# WORK REQUEST
After finding the line containing "let off := \sum_(j" below, please output that line and each following one through the line containing "if j == k then sigma k + (i - k)", exactly as written.

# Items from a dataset
(* Let $((G_n)_{n\in\mathbb{N}},(\rho_n)_{n\in\mathbb{N}},(\kappa_k^n)_{k\le n})$ be a diverse $d$-ary cloning system, and let $n_0\in\mathbb{N}$ be such that $\bigcap_{k=1}^n\mathrm{Im}\,\kappa_k^n=\{1\}$ for all $n\ge n_0$. Let $x\in\mathscr{T}_d(G_* )$. If $x^{-1}[T,U]x\in F_d$ for all $d$-ary trees $T,U$ having the same number of leaves, that number being at least $n_0$, then $x\in F_d$.
   Context: Fix an integer $d\ge 2$. A $d$-ary tree is a finite rooted tree in which each non-leaf vertex has exactly $d$ ordered children; its leaves are numbered $1,\dots,n$ from left to right, and $n(T)$ is the number of leaves. For $1\le k\le n(T)$, $T_k$ denotes the tree obtained from $T$ by attaching a $d$-ary caret to the $k$-th leaf. Standard cloning maps: for $\sigma\in S_n$, $1\le k\le n$, partition $\{1,\dots,n+d-1\}$ into consecutive blocks $B^{(k)}_j=\{j\}$ ($j<k$), $B^{(k)}_k=\{k,\dots,k+d-1\}$, $B^{(k)}_j=\{j+d-1\}$ ($j>k$); $(\sigma)\varsigma_k^n\in S_{n+d-1}$ maps $B^{(k)}_j$ onto $B^{(\sigma(k))}_{\sigma(j)}$ preserving order. A $d$-ary cloning system consists of groups $(G_n)$, homomorphisms $\rho_n:G_n\to S_n$ and injective functions $\kappa_k^n:G_n\to G_{n+d-1}$ ($1\le k\le n$), written on the right with $(g)(\kappa\circ\kappa'):=((g)\kappa)\kappa'$, such that for $1\le k<\ell\le n$, $g,h\in G_n$: (C1) $(gh)\kappa_k^n=(g)\kappa^n_{\rho_n(h)k}(h)\kappa_k^n$; (C2) $\kappa_\ell^n\circ\kappa_k^{n+d-1}=\kappa_k^n\circ\kappa_{\ell+d-1}^{n+d-1}$; (C3) $\rho_{n+d-1}((g)\kappa_k^n)(i)=((\rho_n(g))\varsigma_k^n)(i)$ for $i\notin\{k,\dots,k+d-1\}$. $\mathscr{T}_d(G_* )$ is the group of classes $[T,g,U]$ ($T,U$ $d$-ary trees with $n$ leaves, $g\in G_n$) under the equivalence generated by $(T,g,U)\sim(T_{\rho_n(g)(k)},(g)\kappa_k^n,U_k)$, with product $[T,g,U][U,h,W]=[T,gh,W]$. We write $[T,U]=[T,1,U]$; these elements form the subgroup $F_d$ (the Higman–Thompson group). The system is diverse if some $n_0$ satisfies $\bigcap_{k=1}^n\mathrm{Im}\,\kappa_k^n=\{1\}$ for all $n\ge n_0$. *)

From Stdlib Require Import Relations.Relation_Operators.
From HB Require Import structures.
From mathcomp Require Import all_boot all_order all_fingroup.
Set Implicit Arguments. Unset Strict Implicit. Unset Printing Implicit Defensive.

(* Conventions: leaves, carets positions, and the set {1,...,n} on which S_n
   acts are all 0-based: 'I_n = {0,...,n-1} (leaf k+1 of the paper = k). *)

Inductive dtree (d : nat) : Type :=
  | Leaf : dtree d
  | Node : {ffun 'I_d -> dtree d} -> dtree d.
Arguments Leaf {d}.

Fixpoint nleaves d (T : dtree d) : nat :=
  match T with
  | Leaf => 1
  | Node f => \sum_(i < d) nleaves (f i)
  end.

Fixpoint expand d (T : dtree d) (k : nat) : dtree d :=
  match T with
  | Leaf => Node [ffun _ : 'I_d => @Leaf d]
  | Node f =>
      Node [ffun i : 'I_d =>
              let off := \sum_(j < d | j < i) nleaves (f j) in
              if (off <= k < off + nleaves (f i)) then expand (f i) (k - off)
              else f i]
  end.

Definition widen_by n m (k : 'I_n) : 'I_(n + m) := widen_ord (leq_addr m n) k.
Definition shift_by n m (l : 'I_n) : 'I_(n + m) :=
  @Ordinal (n + m) (l + m) (etrans (ltn_add2r m l n) (ltn_ord l)).

(** The standard cloning map (sigma) varsigma_k^n, as a function on 0-based
    positions of {0,...,n+d-2}: position i lies in block blk i (blocks
    B_j = {j} for j<k, B_k = {k,...,k+d-1}, B_j = {j+d-1} for j>k), and is
    sent order-preservingly onto block B^{(sigma k)}_{sigma j}. *)
Definition clone_blk d n (k : 'I_n) (i : nat) : nat :=
  if i < k then i else if i < k + d then nat_of_ord k else i - d.-1.

Definition clone_perm d n (sigma : 'I_n -> 'I_n) (k : 'I_n) (i : nat) : nat :=
  let j : 'I_n := insubd k (clone_blk d k i) in
  if j == k then sigma k + (i - k)
  else if sigma j < sigma k then nat_of_ord (sigma j) else sigma j + d.-1.

(** S_n is {perm 'I_n}; rho_n is a homomorphism for
    the usual composition of maps (rho(gh) = rho(g) o rho(h)). *)
Record CloningSystem (d : nat) := {
  G : nat -> Type;
  gmul : forall n, G n -> G n -> G n;
  gone : forall n, G n;
  ginv : forall n, G n -> G n;
  gmulA : forall n (x y z : G n), gmul x (gmul y z) = gmul (gmul x y) z;
  gmul1g : forall n (x : G n), gmul (gone n) x = x;
  gmulg1 : forall n (x : G n), gmul x (gone n) = x;
  gmulVg : forall n (x : G n), gmul (ginv x) x = gone n;
  gmulgV : forall n (x : G n), gmul x (ginv x) = gone n;
  rho : forall n, G n -> {perm 'I_n};
  rho_hom : forall n (g h : G n) (i : 'I_n), rho (gmul g h) i = rho g (rho h i);
  kappa : forall n, 'I_n -> G n -> G (n + d.-1);
  kappa_inj : forall n (k : 'I_n), injective (kappa k);
  clone_C1 : forall n (k : 'I_n) (g h : G n),
      kappa k (gmul g h) = gmul (kappa (rho h k) g) (kappa k h);
  clone_C2 : forall n (k l : 'I_n) (g : G n), k < l ->
      kappa (widen_by d.-1 k) (kappa l g) = kappa (shift_by d.-1 l) (kappa k g);
  clone_C3 : forall n (k : 'I_n) (g : G n) (i : 'I_(n + d.-1)),
      ~~ (k <= i < k + d) ->
      nat_of_ord (rho (kappa k g) i) = clone_perm d (rho g) k i
}.

Section Thompson.
Variables (d : nat) (C : CloningSystem d).

(** representatives (T, g, U) of elements of T_d(G_* ) *)
Record trip := Trip { tn : nat; tT : dtree d; tg : G C tn; tU : dtree d }.

Definition valid (t : trip) : Prop := nleaves (tT t) = tn t /\ nleaves (tU t) = tn t.

Definition expand_step (t t' : trip) : Prop :=
  valid t /\
  exists k : 'I_(tn t),
    t' = @Trip (tn t + d.-1) (expand (tT t) (rho (tg t) k)) (kappa k (tg t))
               (expand (tU t) k).

Definition trip_equiv : trip -> trip -> Prop := clos_refl_sym_trans trip expand_step.

Definition TU (T U : dtree d) : trip := @Trip (nleaves T) T (gone C _) U.

Definition inF (x : trip) : Prop :=
  exists T U, nleaves T = nleaves U /\ trip_equiv x (TU T U).

Definition mulR (x y z : trip) : Prop :=
  exists n (T U W : dtree d) (g h : G C n),
    valid (Trip T g U) /\ valid (Trip U h W) /\
    trip_equiv x (Trip T g U) /\ trip_equiv y (Trip U h W) /\
    trip_equiv z (Trip T (gmul g h) W).

Definition invR (x y : trip) : Prop :=
  exists n (T U : dtree d) (g : G C n),
    valid (Trip T g U) /\ trip_equiv x (Trip T g U) /\ trip_equiv y (Trip U (ginv g) T).

Definition conj_in_F (x : trip) (T U : dtree d) : Prop :=
  exists a b c, invR x a /\ mulR a (TU T U) b /\ mulR b x c /\ inF c.

End Thompson.

From HB Require Import structures.
From mathcomp Require Import all_boot all_order all_fingroup.
From mathcomp Require Import zify.
From Stdlib Require Import Relations.Relation_Operators.
Set Implicit Arguments. Unset Strict Implicit. Unset Printing Implicit Defensive.

(* A representative (T, g, U) can be expanded at any leaf of U, and expansions
   at distinct leaves commute by (C2) and (C3).  Hence expanding every leaf of
   depth < m in the right tree gives a normal form which, for m large, is the
   same for equivalent triples; as (C1) lets expansions pass through products
   of triples with matching middle trees, the product of classes is
   well defined.

   Expand x to a representative (T, g, U) with n >= n0 leaves.  For leaves
   k, k', the conjugate x^-1 [T_(rho g k), T_(rho g k')] x is represented by
   (U_k, ((g)kappa_k)^-1 (g)kappa_k', U_k').  The label of every representative
   of an element of F_d is trivial, so all (g)kappa_k coincide; their common
   value lies in every Im kappa_k^n, hence is 1.  So g = 1 and x = [T, U]. *)

Lemma take_nth_drop (s : seq nat) k : k < size s ->
  s = take k s ++ nth 0 s k :: drop k.+1 s.
Proof. by move=> hk; rewrite -(drop_nth 0 hk) cat_take_drop. Qed.

Section DepthSequences.
Variable d : nat.
Hypothesis d_gt0 : 0 < d.

Definition expand_depths (s : seq nat) k :=
  take k s ++ nseq d (nth 0 s k).+1 ++ drop k.+1 s.

Lemma size_expand_depths s k : k < size s -> size (expand_depths s k) = size s + d.-1.
Proof. by move=> hk; rewrite !size_cat size_take size_drop size_nseq hk; lia. Qed.

Lemma nth_expand_depths s j k : j < k -> k < size s ->
  nth 0 (expand_depths s j) (k + d.-1) = nth 0 s k.
Proof.
move=> hjk hk; rewrite nth_cat size_take (ltn_trans hjk hk) ifF; last by lia.
by rewrite nth_cat size_nseq ifF ?nth_drop; [congr nth|]; lia.
Qed.

Lemma expand_depths_catl s1 s2 k : k < size s1 ->
  expand_depths (s1 ++ s2) k = expand_depths s1 k ++ s2.
Proof.
move=> hk; rewrite /expand_depths take_cat nth_cat hk -!catA drop_cat.
case: ltnP => // hk1; have e : k.+1 = size s1 by apply/eqP; rewrite eqn_leq hk1 hk.
by rewrite e subnn drop0 drop_size.
Qed.

Lemma expand_depths_catr s1 s2 k : size s1 <= k ->
  expand_depths (s1 ++ s2) k = s1 ++ expand_depths s2 (k - size s1).
Proof.
move=> hk; rewrite /expand_depths take_cat drop_cat nth_cat !ltnNge hk leqW //=.
by rewrite -catA subSn.
Qed.

Lemma map_succ_expand_depths s k : k < size s ->
  map S (expand_depths s k) = expand_depths (map S s) k.
Proof.
by move=> hk; rewrite /expand_depths !map_cat map_nseq map_take map_drop (nth_map 0).
Qed.

End DepthSequences.

Section MissingCarets.
Variables (d m : nat).
Hypothesis d_gt1 : 1 < d.

Definition shallow (e : nat) := e < m.

Definition bounded_depths (s : seq nat) := all (fun e => e <= m) s.

Definition missing_carets (s : seq nat) := sumn [seq (d ^ (m - e)).-1 | e <- s].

# PROBLEM SOLUTION
              let off := \sum_(j < d | j < i) nleaves (f j) in
              if (off <= k < off + nleaves (f i)) then expand (f i) (k - off)
              else f i]
  end.

Definition widen_by n m (k : 'I_n) : 'I_(n + m) := widen_ord (leq_addr m n) k.
Definition shift_by n m (l : 'I_n) : 'I_(n + m) :=
  @Ordinal (n + m) (l + m) (etrans (ltn_add2r m l n) (ltn_ord l)).

(** The standard cloning map (sigma) varsigma_k^n, as a function on 0-based
    positions of {0,...,n+d-2}: position i lies in block blk i (blocks
    B_j = {j} for j<k, B_k = {k,...,k+d-1}, B_j = {j+d-1} for j>k), and is
    sent order-preservingly onto block B^{(sigma k)}_{sigma j}. *)
Definition clone_blk d n (k : 'I_n) (i : nat) : nat :=
  if i < k then i else if i < k + d then nat_of_ord k else i - d.-1.

Definition clone_perm d n (sigma : 'I_n -> 'I_n) (k : 'I_n) (i : nat) : nat :=
  let j : 'I_n := insubd k (clone_blk d k i) in
  if j == k then sigma k + (i - k)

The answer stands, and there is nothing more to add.